◆ **DESCRIPTION OF THE TASK**
Every line below between the one holding "(* K_st . A with K_st = -3H + sum E_i *)" and the one holding "(w - m)(b_3 - w)", inclusive, should be copied exactly, and no other line.

◆ **PROVIDED ENTRIES**
(* Let $M=\mathbb{CP}^2\#k\overline{\mathbb{CP}^2}$. There is no reduced class $A=aH-\sum_{i=1}^k b_iE_i\in H_2(M;\mathbb Z)$ with $A\cdot A=-4$ and $\min_i b_i\ge1$ in any of the following cases: (1) $k\ge11$ and $K_{st}\cdot A\le2$; (2) $k=10$ and $K_{st}\cdot A<2$; (3) $k=10$, $K_{st}\cdot A=2$ and $\min_i b_i\ge3$.
   Context: $\{H,E_1,\dots,E_k\}$ is the standard basis of $H_2(M;\mathbb Z)$ ($H^2=1$, $E_i^2=-1$, pairwise orthogonal), and $K_{st}=-3H+\sum_{i=1}^kE_i$ is the standard canonical class. A class $aH-\sum b_iE_i$ is reduced if $b_1\ge\cdots\ge b_k\ge0$ and $a\ge b_1+b_2+b_3$. *)

(* A class A = aH - sum_{i=1}^k b_i E_i in H_2(M;Z),
   M = CP^2 # k CP^2-bar, is encoded by (a, b) with a : int and
   b : seq int of size k, where b`_(i-1) = b_i (0-indexed). *)
From HB Require Import structures.
From mathcomp Require Import all_boot all_order all_algebra.
Set Implicit Arguments. Unset Strict Implicit. Unset Printing Implicit Defensive.
Import Order.TTheory GRing.Theory Num.Theory.
Local Open Scope ring_scope.

(* intersection form: H^2 = 1, E_i^2 = -1, pairwise orthogonal *)
Definition self_int (a : int) (b : seq int) : int :=
  a ^+ 2 - \sum_(x <- b) x ^+ 2.

(* K_st . A with K_st = -3H + sum E_i *)
Definition Kst_dot (a : int) (b : seq int) : int :=
  - (3 * a) + \sum_(x <- b) x.

(* reduced: b_1 >= ... >= b_k >= 0 and a >= b_1 + b_2 + b_3
   (missing coefficients, if k < 3, are read as 0 via the default of nth) *)
Definition reduced (a : int) (b : seq int) : Prop :=
  (forall i j : nat, (i <= j)%N -> (j < size b)%N -> b`_j <= b`_i) /\
  (forall x, x \in b -> 0 <= x) /\
  b`_0 + b`_1 + b`_2 <= a.

Definition min_ge (b : seq int) (m : int) : Prop := forall x, x \in b -> m <= x.

(* The entries of b beyond the first three lie in [m, b_3], so by
   (w - m)(b_3 - w) >= 0 their squares are bounded by a linear function of
   their sum; that sum is in turn pinned down by K_st . A.  Together with
   reducedness this gives m b_3 (k - 9) - A.A <= (b_3 + m) K_st . A, which
   for A.A = -4 is violated in each of the three cases. *)
From HB Require Import structures.
From mathcomp Require Import all_boot all_order all_algebra.
From mathcomp Require Import zify ring lra.
Import Order.TTheory GRing.Theory Num.Theory.
Local Open Scope ring_scope.

Section OrderedRing.
Set Implicit Arguments. Unset Strict Implicit.
Variable R : realDomainType.

Lemma sum_sqr_le_interval (m M : R) (r : seq R) :
  {in r, forall w, m <= w <= M} ->
  \sum_(w <- r) w ^+ 2 <= (M + m) * \sum_(w <- r) w - m * M *+ size r.
Proof.
elim: r => [|w r IH] r_bnd; first by rewrite !big_nil mulr0 subr0.
have /andP[mw wM] := r_bnd w (mem_head w r).
have := IH (fun v vr => r_bnd v (mem_behead (s := w :: r) vr)).
have : 0 <= (w - m) * (M - w) by rewrite mulr_ge0 // subr_ge0.
rewrite !big_cons /= mulrS; nra.
Qed.

Lemma sqr_sub_sum3_sqr_ge (m x y z a : R) :
  m <= z -> z <= y -> y <= x -> x + y + z <= a ->
  (z + m) * (3 * a - (x + y + z)) - 6 * m * z <= a ^+ 2 - (x ^+ 2 + y ^+ 2 + z ^+ 2).
Proof.
move=> mz zy yx sa; rewrite -subr_ge0.
have -> : a ^+ 2 - (x ^+ 2 + y ^+ 2 + z ^+ 2)
            - ((z + m) * (3 * a - (x + y + z)) - 6 * m * z)
          = (a - (x + y + z)) * (a + (x + y + z) - 3 * (z + m))
            + 2 * ((x - z) * (y - m) + (y - z) * (z - m)) by ring.
apply: addr_ge0; first by apply: mulr_ge0; lra.
by rewrite pmulr_rge0 //; apply: addr_ge0; apply: mulr_ge0;
  rewrite subr_ge0 // ?(le_trans zy yx) ?(le_trans mz zy).
Qed.

End OrderedRing.

Lemma reduced_class_bound (a : int) (b : seq int) (m : int) :
  (3 <= size b)%N -> reduced a b -> min_ge b m ->
  m * b`_2 * ((size b)%:Z - 9) - self_int a b <= (b`_2 + m) * Kst_dot a b.
Proof.
case: b => [|x [|y [|z r]]] // _ [sorted_b [_ sum3_le]] m_le.
rewrite /self_int /Kst_dot !big_cons /=.
have yx : y <= x by apply: (sorted_b 0%N 1%N).
have zy : z <= y by apply: (sorted_b 1%N 2%N).
have r_bnd : {in r, forall w, m <= w <= z}.
  move=> w wr; rewrite m_le ?inE ?wr ?orbT //=.
  have := sorted_b 2%N (index w r).+3 isT; rewrite /= nth_index //.
  by apply; rewrite !ltnS index_mem.
have mz : m <= z by rewrite m_le // !inE eqxx !orbT.
have := sum_sqr_le_interval r_bnd.
have := sqr_sub_sum3_sqr_ge mz zy yx sum3_le.
rewrite -[_ *+ size r]mulr_natr (natz (size r)) -[(size r).+3]addn3 PoszD.
move: (\sum_(w <- r) w ^+ 2) (\sum_(w <- r) w) => Q P; nia.
Qed.

Theorem proposition5p5 (k : nat) (a : int) (b : seq int) :
  size b = k ->
  reduced a b ->
  self_int a b = -4 ->
  min_ge b 1 ->
  ~ [\/ (11 <= k)%N /\ Kst_dot a b <= 2,
        k = 10%N /\ Kst_dot a b < 2
      | [/\ k = 10%N, Kst_dot a b = 2 & min_ge b 3]].
Proof.
move=> <- red_ab A2 b_ge1 cases.
have k_ge10 : (10 <= size b)%N by case: cases => [[]|[]|[]] => [|-> _|-> _ _]; lia.
have z_ge m : min_ge b m -> m <= b`_2.
  by move=> b_ge; apply: b_ge; rewrite mem_nth // (leq_trans _ k_ge10).
have bound m c : 0 <= m -> min_ge b m -> Kst_dot a b <= c ->
    m * b`_2 * ((size b)%:Z - 9) + 4 <= (b`_2 + m) * c.
  move=> m_ge0 b_ge K_le; have z_m_ge0 : 0 <= b`_2 + m by have := z_ge m b_ge; lia.
  apply: le_trans (ler_wpM2l z_m_ge0 K_le).
  by have := reduced_class_bound _ red_ab b_ge; rewrite A2 opprK; apply; lia.
case: cases => [[k_ge11 K_le2]|[k10 K_lt2]|[k10 K2 b_ge3]].
- have := bound 1 2 isT b_ge1 K_le2; have z_ge1 := z_ge 1 b_ge1.
  have : 0 <= b`_2 * ((size b)%:Z - 11) by rewrite mulr_ge0 ?subr_ge0 //; lia.
  nia.
- have K_le1 : Kst_dot a b <= 1 by lia.
  by have := bound 1 1 isT b_ge1 K_le1; rewrite k10; lia.
- have K_le2 : Kst_dot a b <= 2 by rewrite K2.
  by have := z_ge 3 b_ge3; have := bound 3 2 isT b_ge3 K_le2; rewrite k10; lia.
Qed.
Lemma worst_biasE L : 0 <= L -> worst_bias w c KT L = bias_factor * L * Hc w c.
Proof.
move=> L_ge0.
have linear_lip : lipschitz_family L (fun (_ : 'I_N) _ x => L * x).
  by move=> i z _ x y _ _; rewrite -mulrBr normrM ger0_norm.
apply/le_anti/andP; split.
  apply: ge_sup.
    by exists (bias w c KT (fun _ _ x => L * x)), (fun _ _ x => L * x).
  by move=> b [g [g_lip ->]]; exact: bias_le.
rewrite -bias_linear //; apply: ub_le_sup; last by exists (fun _ _ x => L * x).
by exists (bias_factor * L * Hc w c) => b [g [g_lip ->]]; exact: bias_le.
Qed.

End Bias.

Lemma worst_bias_le_eq (R : realType) (N M K KT : nat) (w : 'I_N -> 'I_M -> R)
  (L : R) (w_ge0 : forall i s, 0 <= w i s)
  (wi_gt0 : forall i, 0 < \sum_(s < M) w i s)
  (ws_gt0 : forall s, 0 < \sum_(i < N) w i s)
  (K_ge2 : (2 <= K)%N) (KT_range : (0 < KT < K)%N) (L_gt0 : 0 < L)
  (c c' : 'I_N -> 'I_K) :
  (worst_bias w c KT L <= worst_bias w c' KT L) = (Hc w c <= Hc w c').
Proof.
rewrite !(worst_biasE w_ge0 wi_gt0 ws_gt0 K_ge2 KT_range _ (ltW L_gt0)).
have [N0 | N_gt0] := posnP N.
  have Hc0 c0 : Hc w c0 = 0.
    by rewrite /Hc big1 // => i; have := ltn_ord i; rewrite {2}N0.
  by rewrite !Hc0 mulr0 lexx.
have N_gt0' : 0 < N%:R :> R by rewrite ltr0n.
have K_gt0 : 0 < K%:R :> R by rewrite ltr0n; lia.
have K1_gt0 : 0 < K%:R - 1 :> R by rewrite subr_gt0 ltr1n.
by rewrite ler_pM2l // mulr_gt0 // mulr_gt0 // divr_gt0.
Qed.

Theorem lemma3 (R : realType) (N M K KT : nat) (w : 'I_N -> 'I_M -> R) (L : R)
  (hw0 : forall i s, 0 <= w i s)
  (hwi : forall i, 0 < \sum_(s < M) w i s)
  (hws : forall s, 0 < \sum_(i < N) w i s)
  (hK : (2 <= K)%N) (hKN : (K %| N)%N) (hKT : (0 < KT < K)%N) (hL : 0 < L) :
  (forall c : 'I_N -> 'I_K, balanced c ->
     forall g, lipschitz_family L g ->
       bias w c KT g <= 2 / N%:R * (K%:R / (K%:R - 1)) * L * Hc w c)
  /\
  (forall c : 'I_N -> 'I_K, balanced c ->
       bias w c KT (fun _ _ e => L * e)
       = 2 / N%:R * (K%:R / (K%:R - 1)) * L * Hc w c)
  /\
  (forall c : 'I_N -> 'I_K, balanced c ->
     ((forall c' : 'I_N -> 'I_K, balanced c' ->
         worst_bias w c KT L <= worst_bias w c' KT L)
      <->
      (forall c' : 'I_N -> 'I_K, balanced c' -> Hc w c <= Hc w c'))).
Proof.
split; first by move=> c _ g; exact: bias_le.
split; first by move=> c _; exact: bias_linear (ltW hL).
by move=> c _; split=> c_min c' c'_bal; move: (c_min c' c'_bal);
  rewrite worst_bias_le_eq.
Qed.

◆ **RESPONSE TO THIS EXERCISE**
(* K_st . A with K_st = -3H + sum E_i *)
Definition Kst_dot (a : int) (b : seq int) : int :=
  - (3 * a) + \sum_(x <- b) x.

(* reduced: b_1 >= ... >= b_k >= 0 and a >= b_1 + b_2 + b_3
   (missing coefficients, if k < 3, are read as 0 via the default of nth) *)
Definition reduced (a : int) (b : seq int) : Prop :=
  (forall i j : nat, (i <= j)%N -> (j < size b)%N -> b`_j <= b`_i) /\
  (forall x, x \in b -> 0 <= x) /\
  b`_0 + b`_1 + b`_2 <= a.

Definition min_ge (b : seq int) (m : int) : Prop := forall x, x \in b -> m <= x.

(* The entries of b beyond the first three lie in [m, b_3], so by
   (w - m)(b_3 - w) >= 0 their squares are bounded by a linear function of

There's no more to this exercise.